Uncompensated Care Costs to Rise


Uncompensated Care Costs to Rise | Medicaid, Medicare, Disproportionate Share Hospital Payments, Upper Payment Limit, Affordable Care Act, National Association of Public Hospitals and Health Systems, Louisiana Hospital Association, uncompensated care, Louisiana Hospitals
Hospitals in Louisiana and other states that don’t expand their Medicaid programs could take a much bigger budget hit on uncompensated care than originally expected under the Affordable Care Act.

Nationwide, hospitals may face an additional $53.3 billion in uncompensated care costs by 2019, according to a report by the National Association of Public Hospitals and Health Systems. The Congressional Budget Office estimates there could be 29 million people without insurance in 2019, 6 million to 10 million more people than projected when the Affordable Care Act passed two years ago.

That’s because the Supreme Court ruling allows states to opt out of expanding Medicaid. Louisiana is among the states that have chosen that option.

“This unexpected new level of cost to hospitals and health systems dramatically amplifies the impact of Medicaid DSH (disproportionate share hospital payment) cuts, which will total $14.1 billion over the same period,” the report says.

The analysis didn’t look at the impact on individual states because that information was not available. The NAPH based its estimates on data from the Congressional Budget Office, the U.S. Census Bureau, and the American Hospital Association’s annual survey.

John Matessino, president and chief executive officer of the Louisiana Hospital Association, said the state, fresh off a fiscal cliff accelerated by this summer’s federal transportation bill, now faces another “perfect storm.”

Louisiana isn’t going to expand Medicaid, which means uncompensated care costs will continue rising, he said.  At the same time, the Medicaid DSH funds, the money hospitals have used to take care of some uninsured people, are scheduled for cuts.

U.S. hospitals had already sacrificed 10 years of Medicare increases, $155 billion, to help pay for the Affordable Care Act, Matessino said. Hospitals and lawmakers made that deal thinking that the cuts in hospital payments would be offset by big increases in the number of insured patients. But now?

“I don’t have any good answers right now. I don’t think anybody does,” Matessino said.

Still, the state and hospitals face a huge challenge in 2014 if the federal government starts ratcheting back on DSH dollars, Matessino said.

“Louisiana’s got a target on its back on that, too,” he said.

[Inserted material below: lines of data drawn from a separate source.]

Lemma disk_ball_open h (r e : R) : 0 <= r -> r < 1 -> openA (disk_ball h r e).
Proof.
move=> r0 r1; split=> [g [] //|g [gA [d d0 gh]]].
exists r, (d / 2); split=> // [|u uA ug]; first by rewrite divr_gt0.
split=> //; exists (d / 2); first by rewrite divr_gt0.
move=> z lu lh zr ul hl; have [|lg gl] := gA z; first by rewrite normr_lt1 (le_lt_trans zr).
have := ug z lu lg; rewrite normr_lec normr_ltc => /(_ zr ul gl).
have := gh z lg lh zr gl hl; have := ler_distcD lu lg lh; lra.
Qed.

Lemma disk_ball_center h (r e : R) : 0 < e -> inA h -> disk_ball h r e h.
Proof.
move=> e0 hA; split=> //; exists (e / 2) => [|z l l' _ hl hl']; first by rewrite divr_gt0.
by rewrite (hasval_unique hl hl') subrr normc0; lra.
Qed.

Lemma disk_ball_close h g (r e : R) : disk_ball h r e g -> close_on_disk r e g h.
Proof. by move=> [_ [d d0 gh]] z lg lh zr gl hl; have := gh z lg lh zr gl hl; lra. Qed.

Lemma eventually_forall_seq (T : eqType) (s : seq T) (P : T -> nat -> Prop) :
  (forall U, U \in s -> exists M, forall n, (M <= n)%N -> P U n) ->
  exists M, forall U, U \in s -> forall n, (M <= n)%N -> P U n.
Proof.
elim: s => [|U s IH] sP; first by exists 0%N.
have [|M sM] := IH; first by move=> V Vs; apply: sP; rewrite in_cons Vs orbT.
have [MU UM] := sP U (mem_head _ _); exists (maxn MU M) => V.
rewrite in_cons => /orP[/eqP -> | Vs] n; rewrite geq_max => /andP[MUn Mn]; [exact: UM | exact: sM].
Qed.

Lemma compactA_cluster (V : set (nat -> C)) (u : nat -> nat -> C) :
  compactA V -> (forall n, V (u n)) ->
  exists2 g, V g & forall (r e : R) M, 0 <= r -> r < 1 -> 0 < e ->
    exists2 n, (M <= n)%N & close_on_disk r e (u n) g.
Proof.
move=> [VA Vcover] Vu; apply: contrapT => no_cluster.
have far g : V g -> exists r e M, [/\ 0 <= r, r < 1, 0 < e &
    forall n, (M <= n)%N -> ~ disk_ball g r e (u n)].
  move=> Vg; apply: contrapT => near_g; apply: no_cluster; exists g => // r e M r0 r1 e0.
  apply: contrapT => far_n; apply: near_g; exists r, e, M; split=> // n Mn /disk_ball_close.
  by move=> close_n; apply: far_n; exists n.
pose F := [set U | openA U /\ exists M, forall n, (M <= n)%N -> ~ U (u n)].
have [|s [sF Vs]] := Vcover F (fun U FU => FU.1).
  move=> g Vg; have [r [e [M [r0 r1 e0 gM]]]] := far g Vg.
  exists (disk_ball g r e); last exact: disk_ball_center e0 (VA g Vg).
  by split; [exact: disk_ball_open | exists M].
have [|M sM] := @eventually_forall_seq _ s (fun U n => ~ U (u n)); first by move=> U /sF [].
by have [U Us UuM] := Vs _ (Vu M); exact: sM U Us M (leqnn _) UuM.
Qed.

Lemma increasing_seq_ge (f : nat -> nat) : increasing_seq f -> forall n, (n <= f n)%N.
Proof.
move=> /increasing_seqP f_incr; elim=> [//|n IH].
exact: leq_ltn_trans IH (f_incr n).
Qed.

Lemma cvgn_ltP (u : nat -> R) : cvgn u ->
  exists l : R, forall e, 0 < e -> exists N, forall n, (N <= n)%N -> `|u n - l| < e.
Proof.
move=> /cvg_ex [l /cvgrPdist_lt ul]; exists l => e /ul [N _ uN].
by exists N => n /uN; rewrite distrC.
Qed.

Lemma normc_Re_le z : `|complex.Re z| <= normc z.
Proof. by case: z => u v; rewrite /= -sqrtr_sqr ler_wsqrtr // lerDl sqr_ge0. Qed.

Lemma normc_Im_le z : `|complex.Im z| <= normc z.
Proof. by case: z => u v; rewrite /= -sqrtr_sqr ler_wsqrtr // lerDr sqr_ge0. Qed.
Lemma pinsker_term a b : 0 <= a -> 0 < b ->
  `|a - b| <= 3 * (a * (ln a - ln b) + b - a) + (a + b) / 6.
Proof.
move=> a0 b0; have := hellinger_term a0 b0.
set u := Num.sqrt a; set v := Num.sqrt b => hel.
have u0 : 0 <= u by rewrite sqrtr_ge0.
have v0 : 0 <= v by rewrite sqrtr_ge0.
have ua : a = u ^+ 2 by rewrite sqr_sqrtr.
have vb : b = v ^+ 2 by rewrite sqr_sqrtr // (ltW b0).
have -> : a - b = (u - v) * (u + v) by rewrite ua vb; ring.
rewrite normrM (ger0_norm (addr_ge0 u0 v0)).
have amgm : `|u - v| * (u + v) <= 3 * (u - v) ^+ 2 + (u + v) ^+ 2 / 12.
  rewrite -(real_normK (num_real (u - v))) -subr_ge0.
  have -> : 3 * `|u - v| ^+ 2 + (u + v) ^+ 2 / 12 - `|u - v| * (u + v)
          = 3 * (`|u - v| - (u + v) / 6) ^+ 2 by field.
  by rewrite mulr_ge0 ?sqr_ge0.
have sqsum : (u + v) ^+ 2 <= 2 * (a + b).
  rewrite ua vb -subr_ge0.
  have -> : 2 * (u ^+ 2 + v ^+ 2) - (u + v) ^+ 2 = (u - v) ^+ 2 by ring.
  exact: sqr_ge0.
lra.
Qed.

Lemma binary_entropy_le_ln2 a b : 0 <= a -> 0 <= b -> a + b = 1 ->
  - ln 2 <= a * ln a + b * ln b.
Proof.
move=> a0 b0 ab; have h2 : 0 < 2^-1 :> R by rewrite invr_gt0.
have := gibbs_term a0 h2; have := gibbs_term b0 h2.
rewrite ln_inv opprK !mulrDr.
have : a * ln 2 + b * ln 2 = ln 2 by rewrite -mulrDl ab mul1r.
lra.
Qed.

End LogInequalities.

Section SeqSums.
Variable I : eqType.

Lemma big_mem_filter (V : nmodType) (s s' : seq I) (F : I -> V) :
  uniq s -> uniq s' -> {subset s <= s'} ->
  \sum_(i <- s' | i \in s) F i = \sum_(i <- s) F i.
Proof.
move=> us us' ss'; rewrite -big_filter; apply/perm_big/uniq_perm => //.
  exact: filter_uniq.
by move=> i; rewrite mem_filter andb_idr //; apply: ss'.
Qed.

Lemma sum_seq_widen (V : nmodType) (s s' : seq I) (F : I -> V) :
  uniq s -> uniq s' -> {subset s <= s'} -> {in s', forall i, i \notin s -> F i = 0} ->
  \sum_(i <- s) F i = \sum_(i <- s') F i.
Proof.
move=> us us' ss' F0; rewrite [RHS](bigID (mem s)) /= big_mem_filter //.
by rewrite [X in _ = _ + X]big1_seq ?addr0 // => i /andP[nis is']; apply: F0.
Qed.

Only Texas, New York and California receive more DSH money than Louisiana, he said. Other states similar to Louisiana don’t get anywhere near the same amount of money.

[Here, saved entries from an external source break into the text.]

Lemma collapse_run_set X v : collapse (run_set (collapse X) v) = collapse (run_set X v).
Proof.
rewrite {2}/collapse; case: ifPn => // /cards1P[x ->].
by rewrite /collapse /run_set imset0 imset_set1 cards0 cards1.
Qed.

Definition syn_state_of X : syn_state Q := exist _ (collapse X) (card_collapse_neq1 X).

Definition syn_dfa : dfa A :=
  @DFA A (syn_state Q) (syn_state_of setT)
    (fun s c => syn_state_of (run_set (val s) [:: c])) (fun s => val s == set0).

Lemma syn_dfa_run w :
  val (run (@dtrans _ syn_dfa) (@dinit _ syn_dfa) w) = collapse (run_set setT w).
Proof.
elim/last_ind: w => [|w c IH]; first by rewrite run_set_nil.
by rewrite -cats1 run_cat run_set_cat /= IH collapse_run_set.
Qed.

Lemma syn_dfa_recognizes : recognizes syn_dfa (Syn d).
Proof. by move=> w; rewrite /accepts /= syn_dfa_run collapse_eq0 Syn_synchronizes. Qed.

Lemma card_syn_state : #|{: syn_state Q}| = 2 ^ #|Q| - #|Q|.
Proof. by rewrite card_sig card_set_neq1. Qed.

End SubsetAutomaton.

Lemma dfa_card_ge_distinguishable (A : Type) (L : pred (seq A))
    (I : finType) (w : I -> seq A) :
  (forall i j, i != j -> exists v, L (w i ++ v) != L (w j ++ v)) ->
  forall D : dfa A, recognizes D L -> #|I| <= #|dstate D|.
Proof.
move=> distinct D recD; pose f i := run (@dtrans _ D) (@dinit _ D) (w i).
suff /card_imset <- : injective f by exact: max_card.
move=> i j fij; apply: contraTeq isT => /distinct[v].
by rewrite -!recD /accepts !run_cat -/(f i) -/(f j) fij eqxx.
Qed.

Lemma syn_dfa_minimal (Q : finType) (A : choiceType) (d : Q -> A -> Q) :
  (forall S : syn_state Q, exists u, collapse (run_set d setT u) = val S) ->
  (forall S T : syn_state Q, S != T ->
     exists v, synchronizes d (val S) v != synchronizes d (val T) v) ->
  forall D : dfa A, recognizes D (Syn d) -> 2 ^ #|Q| - #|Q| <= #|dstate D|.
Proof.
move=> reach distinct D recD; rewrite -card_syn_state.
have reach_eqb (S : syn_state Q) : exists u, collapse (run_set d setT u) == val S.
  by have [u reach_u] := reach S; exists u; apply/eqP.
pose w (S : syn_state Q) := xchoose (reach_eqb S).
have w_reaches S : collapse (run_set d setT (w S)) = val S.
  exact/eqP/(xchooseP (reach_eqb S)).
apply: (@dfa_card_ge_distinguishable A (Syn d) _ w _ D recD) => S T /distinct[v].
by rewrite -w_reaches -(w_reaches T) !synchronizes_collapse -!Syn_cat; exists v.
Qed.

Definition letter_to_bool (c : letter) : bool := if c is Lb then true else false.
Definition bool_to_letter (b : bool) : letter := if b then Lb else La.
Lemma letter_to_boolK : cancel letter_to_bool bool_to_letter. Proof. by case. Qed.
HB.instance Definition _ := Finite.copy letter (can_type letter_to_boolK).

Lemma Zp_set_boundary p (S : {set 'I_p.+2}) :
  S != set0 -> S != setT -> exists2 x, x \in S & (x - 1)%R \notin S.
Proof.
case/set0Pn => y yS; rewrite -subTset => /subsetPn[z _ zS].
apply/exists_inP; apply: contraR zS => /exists_inPn pred_in_S.
have y_sub_in_S k : (y - k%:R)%R \in S.
  elim: k => [|k IH]; first by rewrite subr0.
  by move: (pred_in_S _ IH); rewrite negbK mulrSr opprD addrA.
by rewrite -[z](subKr y) -[(y - z)%R]natr_Zp.
Qed.

Section Vn.

Variable m : nat.
Local Notation n := m.+2.
Local Notation V := (@Vtrans n : 'I_n -> letter -> 'I_n).

Lemma val_Vtrans_b (q : 'I_n) : V q Lb = q.+1 %% n :> nat.
Proof.
rewrite /Vtrans /=; case: ifP => [lt_q1|/negbT]; first by rewrite inordK ?modn_small.
by rewrite -leqNgt => le_n_q1; rewrite (_ : q.+1 = n) ?modnn //; have := ltn_ord q; lia.
Qed.
Lemma mem_Jset M : M \in AM k -> (M \in Jset L I pi) = (<<(I + M)%MS>>%MS \in L).
Proof.
rewrite inE => /and4P[/eqP defM _ sMpi _]; apply/imsetP/idP => [[K] | IM_L].
  rewrite inE => /andP[KL sIK] ->.
  by rewrite (genmx_adds_cap_complement Ipi0 rank_Ipi) // genmx_mem.
exists <<(I + M)%MS>>%MS; first by rewrite inE IM_L genmxE addsmxSl.
by rewrite (genmx_cap_adds_complement Ipi0 rank_Ipi).
Qed.

Lemma card_Jset : #|Jset L I pi| = #|[set K in L | (I <= K)%MS]|.
Proof.
rewrite card_in_imset; first by apply: eq_card => K; rewrite !inE.
move=> K1 K2; rewrite !inE => /andP[K1L sIK1] /andP[K2L sIK2] eqK12.
rewrite -(genmx_mem K1L) -(genmx_mem K2L).
rewrite -(genmx_adds_cap_complement Ipi0 rank_Ipi sIK1).
by rewrite -(genmx_adds_cap_complement Ipi0 rank_Ipi sIK2) eqK12.
Qed.

End Jset.

Lemma projection_aff_point P : P \in AP -> <<((I + P) :&: pi)%MS>>%MS \in AQ.
Proof.
move=> AP_P; rewrite aff_points_jspaces0 -(subnn (\rank I)).
apply: cap_aff_jspace (mxrank_adds_aff_point sIH AP_P) (addsmxSl I P) _.
by move: AP_P; rewrite inE => /and4P[_ _ _]; apply: contra; apply: submx_trans (addsmxSr I P).
Qed.

Lemma sub_adds_aff_point P Q : P \in AP -> Q \in AQ ->
  (P <= I + Q)%MS = (Q == <<((I + P) :&: pi)%MS>>%MS).
Proof.
move=> AP_P; rewrite inE => /and4P[/eqP defQ /eqP rQ sQpi _].
rewrite (sub_adds_complement Ipi0 rank_Ipi) //; apply/idP/eqP => [sIPpiQ | ->]; last first.
  by rewrite genmxE.
have rIPpi := mxrank_cap_complement Ipi0 rank_Ipi (addsmxSl I P).
rewrite (mxrank_adds_aff_point sIH AP_P) in rIPpi.
rewrite -defQ; apply/eq_genmx/eqmx_sym/eqmx_rank_geq => //.
by rewrite rQ; lia.
Qed.

Lemma sum_aff_points_projection (M : sub) P : (M <= pi)%MS -> P \in AP ->
  \sum_(Q in AQ) (((Q <= M)%MS && (P <= I + Q)%MS)%:R : R) = ((P <= I + M)%MS)%:R.
Proof.
move=> sMpi AP_P; under eq_bigr => Q AQ_Q do rewrite sub_adds_aff_point //.
rewrite (bigD1 _ (projection_aff_point AP_P)) eqxx big1 => [|Q /andP[_ /negPf->]]; last first.
  by rewrite andbF.
by rewrite /= addr0 andbT genmxE (sub_adds_complement Ipi0 rank_Ipi).
Qed.

Lemma CL_repr_Jset k (L : {set sub}) (v : sub -> R) :
  L \subset AK k -> CL_repr 1%:M Hinf k L v -> (\rank I <= k)%N ->
  CL_repr pi (pi :&: Hinf)%MS (k - \rank I) (Jset L I pi)
    (fun Q => \sum_(P in AP) ((P <= I + Q)%MS%:R) * v P).
Proof.
move=> sLA chiL le_Ik M AM_M; have := AM_M; rewrite inE => /and4P[_ _ sMpi _].
rewrite (mem_Jset sLA AM_M) chiL ?adds_aff_jspace //; under eq_bigr do rewrite genmxE.
under [RHS]eq_bigr do rewrite mulr_sumr.
rewrite [RHS]exchange_big; apply: eq_bigr => P AP_P.
rewrite -(sum_aff_points_projection sMpi AP_P) mulr_suml; apply: eq_bigr => Q _.
by rewrite mulrA -natrM mulnb.
Qed.

End Projection.

Unset Implicit Arguments.

Theorem theorem6p13 (R : realType) (F : finFieldType) (n k i : nat)
  (Hinf I pi : 'M[F]_n.+1) (L : {set 'M[F]_n.+1}) (x : R) :
  (2 <= k)%N -> (i <= k - 2)%N -> (2 * k - i <= n)%N -> (k + 2 <= n)%N ->
  \rank Hinf = n ->
  CL_set (1%:M : 'M[F]_n.+1) Hinf k L x ->
  \rank I = i.+1 -> (I <= Hinf)%MS ->
  \rank pi = (n - i)%N -> \rank (I :&: pi)%MS = 0%N ->
  CL_set pi (pi :&: Hinf)%MS (k - i - 1) (Jset L I pi) x.
Proof.
move=> k_ge2 le_ik _ le_kn _ [sLA [v chiL] ->] rI sIH rpi /eqP.
rewrite mxrank_eq0 => /eqP Ipi0.
have rank_Ipi : (\rank I + \rank pi)%N = n.+1 by rewrite rI rpi; lia.
have le_Ik : (\rank I <= k)%N by rewrite rI; lia.
have -> : (k - i - 1)%N = (k - \rank I)%N by rewrite rI; lia.
pose s := \sum_(P in aff_points (1%:M : 'M[F]_n.+1) Hinf) v P.
have card_L : (#|L|%:R : R) = s * gaussR R F n k.
  have -> : L = [set K in L | ((0 : 'M[F]_n.+1) <= K)%MS].
    by apply/setP => K; rewrite inE sub0mx andbT.
  by rewrite (card_CL_containing_infinite sLA chiL (sub0mx _ _)) mxrank0 ?subn0 //; lia.
have card_J : (#|Jset L I pi|%:R : R) = s * gaussR R F (\rank pi).-1 (k - \rank I).
  rewrite (card_Jset Ipi0 rank_Ipi sLA) (card_CL_containing_infinite sLA chiL sIH).
    by rewrite rI rpi; congr (_ * gaussR _ _ _ _); lia.
  by rewrite le_Ik; lia.
split.
- exact: Jset_sub.
- exact: ex_intro _ _ (CL_repr_Jset sIH Ipi0 rank_Ipi sLA chiL le_Ik).
- by rewrite mxrank1 card_L card_J !mulfK // gaussR_neq0 //; lia.
Qed.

Although the Supreme Court ruled that the federal government can’t force states to expand Medicaid, the court didn’t say anything about Disproportionate Share Hospital Payments, Matessino said.

“They can’t punish a state if it doesn’t choose to participate in Medicaid, but I think that’s kind of a ‘wink, wink’ situation,” Matessino said. “They’re going to try to do everything they can to coerce states into expanding their Medicaid program.”

It’s unclear how the cuts will be distributed.

Beth Feldpush, NAPH vice president of policy and advocacy, said U.S. Health and Human Services Secretary Kathleen Sebelius hasn’t come out with the regulation describing how the cuts will be made.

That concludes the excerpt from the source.